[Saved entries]
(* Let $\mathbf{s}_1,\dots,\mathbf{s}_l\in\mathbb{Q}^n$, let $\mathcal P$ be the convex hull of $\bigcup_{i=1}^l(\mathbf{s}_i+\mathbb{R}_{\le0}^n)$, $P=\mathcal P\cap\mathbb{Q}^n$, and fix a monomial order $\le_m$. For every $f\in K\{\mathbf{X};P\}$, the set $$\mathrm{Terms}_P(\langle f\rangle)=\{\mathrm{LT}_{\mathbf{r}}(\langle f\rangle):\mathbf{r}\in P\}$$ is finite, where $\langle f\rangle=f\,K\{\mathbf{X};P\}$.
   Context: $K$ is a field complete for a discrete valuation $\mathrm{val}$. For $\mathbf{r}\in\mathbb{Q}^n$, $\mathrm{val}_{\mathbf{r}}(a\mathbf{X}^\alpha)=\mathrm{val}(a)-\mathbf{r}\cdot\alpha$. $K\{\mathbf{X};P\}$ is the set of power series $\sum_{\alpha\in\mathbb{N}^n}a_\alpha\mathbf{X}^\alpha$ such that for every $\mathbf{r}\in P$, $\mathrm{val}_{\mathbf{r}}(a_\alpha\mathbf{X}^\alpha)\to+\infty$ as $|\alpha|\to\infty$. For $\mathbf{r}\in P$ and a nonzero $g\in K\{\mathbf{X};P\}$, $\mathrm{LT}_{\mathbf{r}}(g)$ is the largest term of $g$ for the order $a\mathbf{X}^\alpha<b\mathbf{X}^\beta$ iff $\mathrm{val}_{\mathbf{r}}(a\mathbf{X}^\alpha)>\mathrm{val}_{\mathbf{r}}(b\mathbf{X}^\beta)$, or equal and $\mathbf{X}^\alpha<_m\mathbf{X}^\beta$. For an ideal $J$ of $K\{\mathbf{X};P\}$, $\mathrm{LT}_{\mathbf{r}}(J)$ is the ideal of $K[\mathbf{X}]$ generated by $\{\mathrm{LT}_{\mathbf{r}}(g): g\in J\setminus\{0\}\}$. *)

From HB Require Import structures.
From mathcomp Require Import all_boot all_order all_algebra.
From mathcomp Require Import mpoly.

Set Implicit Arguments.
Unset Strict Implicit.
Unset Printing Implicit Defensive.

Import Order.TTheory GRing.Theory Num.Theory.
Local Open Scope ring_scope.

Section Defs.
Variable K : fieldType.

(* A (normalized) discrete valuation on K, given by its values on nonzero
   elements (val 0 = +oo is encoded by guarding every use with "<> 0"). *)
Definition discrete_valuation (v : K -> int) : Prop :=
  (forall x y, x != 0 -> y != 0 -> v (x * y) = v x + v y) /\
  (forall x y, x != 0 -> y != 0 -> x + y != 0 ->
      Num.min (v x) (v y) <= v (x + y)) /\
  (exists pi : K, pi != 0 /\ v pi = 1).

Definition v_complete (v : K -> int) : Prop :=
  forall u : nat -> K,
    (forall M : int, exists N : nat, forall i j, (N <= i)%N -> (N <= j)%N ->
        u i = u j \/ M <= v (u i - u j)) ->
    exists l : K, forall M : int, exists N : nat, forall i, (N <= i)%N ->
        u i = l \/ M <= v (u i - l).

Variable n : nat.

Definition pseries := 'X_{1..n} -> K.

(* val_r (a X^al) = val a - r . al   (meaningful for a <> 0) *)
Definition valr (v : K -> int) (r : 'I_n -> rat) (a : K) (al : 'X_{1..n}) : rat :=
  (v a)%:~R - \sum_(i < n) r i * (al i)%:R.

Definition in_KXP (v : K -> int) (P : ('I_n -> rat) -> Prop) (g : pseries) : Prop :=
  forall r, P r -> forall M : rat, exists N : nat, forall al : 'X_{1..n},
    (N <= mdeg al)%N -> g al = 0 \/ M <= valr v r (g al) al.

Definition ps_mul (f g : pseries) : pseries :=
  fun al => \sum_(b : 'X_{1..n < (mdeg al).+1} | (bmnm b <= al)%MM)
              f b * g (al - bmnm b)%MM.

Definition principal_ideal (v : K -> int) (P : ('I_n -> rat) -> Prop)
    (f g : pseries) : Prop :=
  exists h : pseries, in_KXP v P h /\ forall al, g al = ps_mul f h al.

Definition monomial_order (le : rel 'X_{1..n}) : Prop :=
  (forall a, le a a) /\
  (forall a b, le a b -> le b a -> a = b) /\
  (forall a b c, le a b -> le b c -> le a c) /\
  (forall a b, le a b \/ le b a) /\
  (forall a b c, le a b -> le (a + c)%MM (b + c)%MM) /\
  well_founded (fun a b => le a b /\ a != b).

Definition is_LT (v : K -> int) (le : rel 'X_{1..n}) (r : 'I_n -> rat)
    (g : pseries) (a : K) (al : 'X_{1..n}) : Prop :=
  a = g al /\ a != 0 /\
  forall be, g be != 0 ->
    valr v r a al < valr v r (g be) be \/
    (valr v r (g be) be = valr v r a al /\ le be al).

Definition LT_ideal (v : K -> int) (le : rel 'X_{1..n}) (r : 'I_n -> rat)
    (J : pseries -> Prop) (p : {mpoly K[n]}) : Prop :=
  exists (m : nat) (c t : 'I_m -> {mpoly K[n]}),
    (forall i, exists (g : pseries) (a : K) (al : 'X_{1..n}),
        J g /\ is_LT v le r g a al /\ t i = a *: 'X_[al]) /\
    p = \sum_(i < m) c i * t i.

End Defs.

--- TASK REQUIREMENTS ---
If a line of the records includes the string "every", copy it out.

--- RESPONSE AREA ---
(* Let $\mathbf{s}_1,\dots,\mathbf{s}_l\in\mathbb{Q}^n$, let $\mathcal P$ be the convex hull of $\bigcup_{i=1}^l(\mathbf{s}_i+\mathbb{R}_{\le0}^n)$, $P=\mathcal P\cap\mathbb{Q}^n$, and fix a monomial order $\le_m$. For every $f\in K\{\mathbf{X};P\}$, the set $$\mathrm{Terms}_P(\langle f\rangle)=\{\mathrm{LT}_{\mathbf{r}}(\langle f\rangle):\mathbf{r}\in P\}$$ is finite, where $\langle f\rangle=f\,K\{\mathbf{X};P\}$.
   Context: $K$ is a field complete for a discrete valuation $\mathrm{val}$. For $\mathbf{r}\in\mathbb{Q}^n$, $\mathrm{val}_{\mathbf{r}}(a\mathbf{X}^\alpha)=\mathrm{val}(a)-\mathbf{r}\cdot\alpha$. $K\{\mathbf{X};P\}$ is the set of power series $\sum_{\alpha\in\mathbb{N}^n}a_\alpha\mathbf{X}^\alpha$ such that for every $\mathbf{r}\in P$, $\mathrm{val}_{\mathbf{r}}(a_\alpha\mathbf{X}^\alpha)\to+\infty$ as $|\alpha|\to\infty$. For $\mathbf{r}\in P$ and a nonzero $g\in K\{\mathbf{X};P\}$, $\mathrm{LT}_{\mathbf{r}}(g)$ is the largest term of $g$ for the order $a\mathbf{X}^\alpha<b\mathbf{X}^\beta$ iff $\mathrm{val}_{\mathbf{r}}(a\mathbf{X}^\alpha)>\mathrm{val}_{\mathbf{r}}(b\mathbf{X}^\beta)$, or equal and $\mathbf{X}^\alpha<_m\mathbf{X}^\beta$. For an ideal $J$ of $K\{\mathbf{X};P\}$, $\mathrm{LT}_{\mathbf{r}}(J)$ is the ideal of $K[\mathbf{X}]$ generated by $\{\mathrm{LT}_{\mathbf{r}}(g): g\in J\setminus\{0\}\}$. *)
   elements (val 0 = +oo is encoded by guarding every use with "<> 0"). *)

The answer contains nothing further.